The Atlantic 10: The Best Books of 2023

         

The Atlantic 10 presents a collection of books, each offering profound insights and compelling narratives that captivated readers throughout 2023.

The Power of Books in Today’s World

The Atlantic 10 has once again compiled a list of books that offer a unique space for ideas to flourish, standing as a countercultural medium against the prevailing distractions of modern life.

Birnam Wood, by Eleanor Catton

Eleanor Catton returns with a narratively ingenious novel, Birnam Wood, which explores the clash between idealism and pragmatism in the context of environmentalist dreams.

Beyond the Door of No Return, by David Diop

David Diop’s historical fiction, Beyond the Door of No Return, delves into the haunting quest of a botanist in the 18th century, offering a mesmerizing and layered narrative of the terrors of the slave trade.

Our Share of Night, by Mariana Enriquez

Mariana Enriquez’s literary horror masterpiece, Our Share of Night, intricately explores the legacies of societal and familial violence, weaving a tale of love, terror, sacrifice, and greed.

The Country of the Blind, by Andrew Leland

Andrew Leland’s memoir details his journey of confronting and embracing the reality of becoming blind, offering a fascinating cultural history of blindness and the opportunities it presents.

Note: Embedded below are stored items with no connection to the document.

(* The pole or anti-pole [w] of [a] lying in [A] is on the great circle of [a] but off [a]: writing
   [w = al u + be v] and [q = s0 u + t0 v], one of [u], [v] is a positive combination of [q]
   and [w]. *)
Lemma arc_interior_endpoint (a : arc) (q : pt) : In a D -> on_arc a q ->
  sph_interior (sph_hull A) q -> exists e o, arc_ends a e o /\ sph_interior (sph_hull A) e.
Proof.
  intros Ha Hq Hiq. pose proof HD as [_ [Hwf _]]. assert (Hw : arc_wf a) by auto.
  destruct (on_arc_cases a q Hw Hq) as [Hrq|Hend].
  2:{ destruct (endpoint_arc_ends a q Hend) as [o Heo]. eauto. }
  destruct (attractor_pole a Ha) as [w [HwA Hpole]].
  assert (HwH : sph_hull A w) by (apply attractor_in_hull; auto).
  assert (Hws : on_sphere w) by (destruct HwH; auto).
  destruct Hor as [_ [_ [_ [_ Hf]]]]. destruct (Hf a Ha) as [_ [Hgc [Hn1 Hn2]]].
  assert (Hnw : ~ on_arc a w) by (destruct Hpole as [->| ->]; auto).
  assert (Hgw : on_great_circle_of a w).
  { unfold on_great_circle_of in *. destruct Hpole as [->| ->]; auto. rewrite dot_oppr, Hgc; ring. }
  destruct (great_circle_span a w Hw Hgw) as [al [be Ew]].
  destruct Hrq as [Sq [s0 [t0 [Hs0 [Ht0 Eq]]]]].
  assert (Hcl : sph_closure (sph_hull A) w) by (apply sph_closure_refl; auto).
  assert (cw : 0 < dot c w) by (apply Rgt_lt, Hc; auto).
  assert (cq : 0 < dot c q) by (apply Rgt_lt, Hc, interior_in; auto).
  assert (Hneg : al < 0 \/ be < 0).
  { destruct (Rlt_le_dec al 0); auto. destruct (Rlt_le_dec be 0); auto. exfalso. apply Hnw.
    split; auto. exists al, be; auto. }
  set (d := s0 * be - al * t0).
  destruct (Rtotal_order d 0) as [Hd|[Hd|Hd]].
  - assert (be < 0) by (destruct Hneg; [unfold d in Hd; nra | auto]).
    exists (asrc a), (adst a). split; [left; auto|].
    apply (interior_positive_comb A q w (asrc a) (- be) t0 (- d)); auto; try apply Hw; try nra.
    rewrite Eq, Ew. unfold d. pt_ring.
  - exfalso. assert (E : pscale s0 w = padd (pscale al q) (pscale d (adst a)))
      by (rewrite Ew, Eq; unfold d; pt_ring).
    apply (f_equal (dot c)) in E. rewrite dot_addr, !dot_scaler, Hd in E.
    assert (0 < al) by nra. unfold d in Hd. destruct Hneg; nra.
  - assert (al < 0) by (destruct Hneg; [auto | unfold d in Hd; nra]).
    exists (adst a), (asrc a). split; [right; auto|].
    apply (interior_positive_comb A q w (adst a) (- al) s0 d); auto; try apply Hw; try nra.
    rewrite Eq, Ew. unfold d. pt_ring.
Qed.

Ours Was the Shining Future, by David Leonhardt

David Leonhardt’s captivating narrative, Ours Was the Shining Future, provides a comprehensive exploration of the story of economic inequality and social unraveling in the past half century, highlighting the impact on the American economy and its people.

Couplets, by Maggie Millner

Maggie Millner’s debut, Couplets, offers a fresh perspective on love and self-discovery, narrated through a series of rhyming couplets that intricately capture the essence of desire and freedom.

The Best Minds, by Jonathan Rosen

Jonathan Rosen’s The Best Minds is an intimate portrayal of a tragic slide into schizophrenia, intertwining personal friendship, mental-health stigma, and forced institutionalization in a compelling narrative.

Ordinary Notes, by Christina Sharpe

Christina Sharpe’s Ordinary Notes provides a poignant examination of what it means to be Black in a world dominated by whiteness, infused with love and tender language, offering new ways of understanding individual and collective experiences of racism.

How to Say Babylon, by Safiya Sinclair

Safiya Sinclair’s memoir, How to Say Babylon, intricately weaves a complex portrait of Jamaica, depicting her journey as an artist and free woman, escaping the constraints of her upbringing and religion.

The Iliad, translated by Emily Wilson

Emily Wilson’s translation of The Iliad breathes new life into Homer’s epic, infusing it with clarity, approachability, and brutal intimacy, reanimating this classic work for modern readers.